Никто не ответил.
Ружинка запаниковала и заметалась по комнате. Ей пора кормить младенца. Где Авива? Где ее малыш? Обнаженная, она ходила взад-вперед, словно животное в клетке, она требовала ответов на вопросы, за которые любая другая еврейка уже получила бы пулю в лоб. Но Ружинка теперь – под личной защитой Вунша. Никто не мог даже пальцем ее тронуть.
Неясно, когда именно Ружинку привели в «Канаду» – ведь новые заключенные обычно сначала сидели в карантине. Когда ее поселили в блок сестры, все вокруг, наверное, подивились могуществу Гелены, сумевшей развернуть сестру прямо от дверей смерти.
Ружинка, чья новенькая форма запачкалась кровью от татуировки, обезумела от тревоги и изнеможения. Ей обещали, что она уходит лишь на несколько минут, но минуты превратились в часы, а потом – в дни. Она сказала детям, что вернется. Неужели она их обманула? Подобно тому материнскому бамбуку, который вдруг начал бы ронять свои лепестки в самый разгар цветения, она, должно быть, чувствовала беду всем своим существом. Ее ДНК утратила контакт с ДНК детей. Связь между ними пропала. Но, не зная, что такое Аушвиц, могла ли она доверять своим инстинктам?
– Где Авива? Где малыш?
Гелена признается, что сказать сестре правду было выше ее сил. «Ведь она поначалу не знала, что ее детей убили, и, пока ее не перевели ко мне – а перевели не сразу, – я все время обещала ей, что дети живы. Это было ужасно трудно».

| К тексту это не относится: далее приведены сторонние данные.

(* Let $X$ be a planar Peano continuum and $x_0\in X$. If $x\in X$ is a wedge point for both of the pseudo-Hawaiian earring subgroups $H_1$ and $H_2$ of $\pi_1(X,x_0)$, then $H_1\sim H_2$.
   Context: $\mathbf E$ is the Hawaiian earring (union of circles centered at $(0,1/n)$ of radius $1/n$ in $\mathbb R^2$, basepoint $0$), $\mathbb H=\pi_1(\mathbf E,0)$. For a path $\alpha$, $\hat\alpha([g])=[\overline\alpha*g*\alpha]$. A pseudo-Hawaiian earring subgroup of $\pi_1(X,x_0)$ is a subgroup which is an uncountable homomorphic image of $\mathbb H$. A point $x$ is a wedge point of such $H$ if there exist a surjective homomorphism $\psi:\mathbb H\to H$, a continuous $f:(\mathbf E,0)\to(X,x)$ and a path $\alpha$ from $x$ to $x_0$ with $\psi=\hat\alpha\circ f_*$. $H_1\sim H_2$ means there exist $g\in\pi_1(X,x_0)$ and a pseudo-Hawaiian earring subgroup $H$ of $\pi_1(X,x_0)$ with $H_1\subset H$ and $gH_2g^{-1}\subset H$. *)

(* The fundamental group is not in the library, so
   homotopy classes of loops are handled through representatives: a subset of
   pi_1(X,x0) is represented by a homotopy-saturated predicate on loops. *)
From HB Require Import structures.
From mathcomp Require Import all_boot all_order all_algebra.
From mathcomp Require Import all_classical all_reals all_analysis.
Set Implicit Arguments. Unset Strict Implicit. Unset Printing Implicit Defensive.
Import Order.TTheory GRing.Theory Num.Theory.
Import numFieldNormedType.Exports.
Local Open Scope classical_set_scope.
Local Open Scope ring_scope.

Section Defs.
Variable R : realType.
Local Notation P := (R * R)%type.

Definition unitI : set R := [set s | 0 <= s <= 1].
Definition unitSq : set (R * R) := unitI `*` unitI.

Definition origin : P := (0, 0).

Definition hawaiian_earring : set P :=
  [set z | exists n : nat, (0 < n)%N /\
     z.1 ^+ 2 + (z.2 - n%:R^-1) ^+ 2 = (n%:R^-1) ^+ 2].

Definition locally_connected (X : set P) :=
  forall x, X x -> forall U : set P, open U -> U x ->
    exists V : set P, [/\ V `<=` U `&` X, connected V &
      exists W : set P, [/\ open W, W x & W `&` X `<=` V]].

(** a planar Peano continuum: compact, connected, locally connected subset of
    the plane (metrizability is automatic) *)
Definition planar_peano_continuum (X : set P) :=
  [/\ compact X, connected X & locally_connected X].

(** paths in X, parametrized by [0,1] (values outside [0,1] are irrelevant) *)
Definition is_path (X : set P) (p : R -> P) :=
  {within unitI, continuous p} /\ p @` unitI `<=` X.

Definition is_path_from_to (X : set P) (a b : P) (p : R -> P) :=
  [/\ is_path X p, p 0 = a & p 1 = b].

Definition is_loop (X : set P) (a : P) (p : R -> P) := is_path_from_to X a a p.

Definition path_concat (p q : R -> P) : R -> P :=
  fun s => if s <= 2^-1 then p (2 * s) else q (2 * s - 1).
Definition path_rev (p : R -> P) : R -> P := fun s => p (1 - s).

Definition path_homotopic (X : set P) (p q : R -> P) :=
  [/\ is_path X p, is_path X q, p 0 = q 0, p 1 = q 1 &
   exists h : P -> P,
     [/\ {within unitSq, continuous h}, h @` unitSq `<=` X,
         (forall s, unitI s -> h (s, 0) = p s /\ h (s, 1) = q s) &
         (forall t, unitI t -> h (0, t) = p 0 /\ h (1, t) = p 1)]].

(** A subset S of pi_1(X,x0) (given as a predicate on loops, saturated) is
    countable iff its homotopy classes can be injectively coded by nat. *)
Definition countable_classes (X : set P) (S : set (R -> P)) :=
  exists c : (R -> P) -> nat,
    forall l l', S l -> S l' -> c l = c l' -> path_homotopic X l l'.

(** psi is (a representative-level description of) a homomorphism
    HH = pi_1(E,0) -> pi_1(X,x0) *)
Definition HE_hom (X : set P) (x0 : P) (psi : (R -> P) -> (R -> P)) :=
  [/\ (forall g, is_loop hawaiian_earring origin g -> is_loop X x0 (psi g)),
      (forall g g', path_homotopic hawaiian_earring g g' ->
         is_loop hawaiian_earring origin g ->
         path_homotopic X (psi g) (psi g')) &
      (forall g g', is_loop hawaiian_earring origin g ->
         is_loop hawaiian_earring origin g' ->
         path_homotopic X (psi (path_concat g g'))
                          (path_concat (psi g) (psi g')))].

Definition is_image_of (X : set P) (x0 : P) (psi : (R -> P) -> (R -> P))
    (H : set (R -> P)) :=
  forall l, H l <-> (is_loop X x0 l /\
     exists g, is_loop hawaiian_earring origin g /\ path_homotopic X (psi g) l).

Definition pseudo_HE_subgroup (X : set P) (x0 : P) (H : set (R -> P)) :=
  (exists psi, HE_hom X x0 psi /\ is_image_of X x0 psi H) /\
  ~ countable_classes X H.

Definition wedge_map (f : P -> P) (alpha : R -> P) : (R -> P) -> (R -> P) :=
  fun g => path_concat (path_concat (path_rev alpha) (f \o g)) alpha.

Definition wedge_point (X : set P) (x0 : P) (H : set (R -> P)) (x : P) :=
  exists (f : P -> P) (alpha : R -> P),
    [/\ {within hawaiian_earring, continuous f},
        f @` hawaiian_earring `<=` X, f origin = x,
        is_path_from_to X x x0 alpha &
        exists psi, [/\ HE_hom X x0 psi, is_image_of X x0 psi H &
          forall g, is_loop hawaiian_earring origin g ->
            path_homotopic X (psi g) (wedge_map f alpha g)]].

Definition HE_equiv (X : set P) (x0 : P) (H1 H2 : set (R -> P)) :=
  exists (g : R -> P) (H : set (R -> P)),
    [/\ is_loop X x0 g, pseudo_HE_subgroup X x0 H, H1 `<=` H &
        forall l, H2 l -> H (path_concat (path_concat g l) (path_rev g))].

Ружинка без умолку рассказывала о том, как Авива выросла и повзрослела. «И ты еще не видела своего племянника! Он такой пухленький и постоянно хочет есть! Сейчас, наверное, уже орет. Глянь на мое молоко». От одного упоминания о ребенке на ее форме появлялись мокрые пятна. «Авива, наверное, перепугана. Ведь она не ела несколько дней. Как считаешь, ее покормили? Кто нянчится с малышом?»
Женщины в блоке косились на Гелену. Ждали, пока она хоть что-нибудь скажет.
Наконец кто-то не выдержал:
– Да скажи же ты ей уже!
Ружинка уставилась на лица в сумерках. Бледная кожа. Лишь глаза мерцают во тьме.
Никто из женщин не смел произнести правду.
«Вунш сделал великое дело», – говорит Гелена.
Но реальность Ружинки сильно отличалась от реальности ее младшей сестры. Ее тяжкие всхлипы разрывали на части сердца всех обитательниц блока. Большинство девушек в «Канаде» никогда не были замужем и не имели детей, но они чувствовали весь ужас утраты, постигшей эту мать. Ужас выбора, перед которым встала Гелена. Ирена тоже горевала по своей сестре, но та, по крайней мере, не горевала о своих детях.
Следующие две недели Ружинка, больная, провела в бреду. Она все время молчала. Почти ничего не ела и непрестанно рыдала. Молоко высохло, и груди болели. Гелена делала все, что в ее силах, носила ей кусочки из карманов отправленных на газ евреев. Она прижимала к себе голову сестры и пыталась заставить ее поесть. Она молилась за сестру. Молилась за себя.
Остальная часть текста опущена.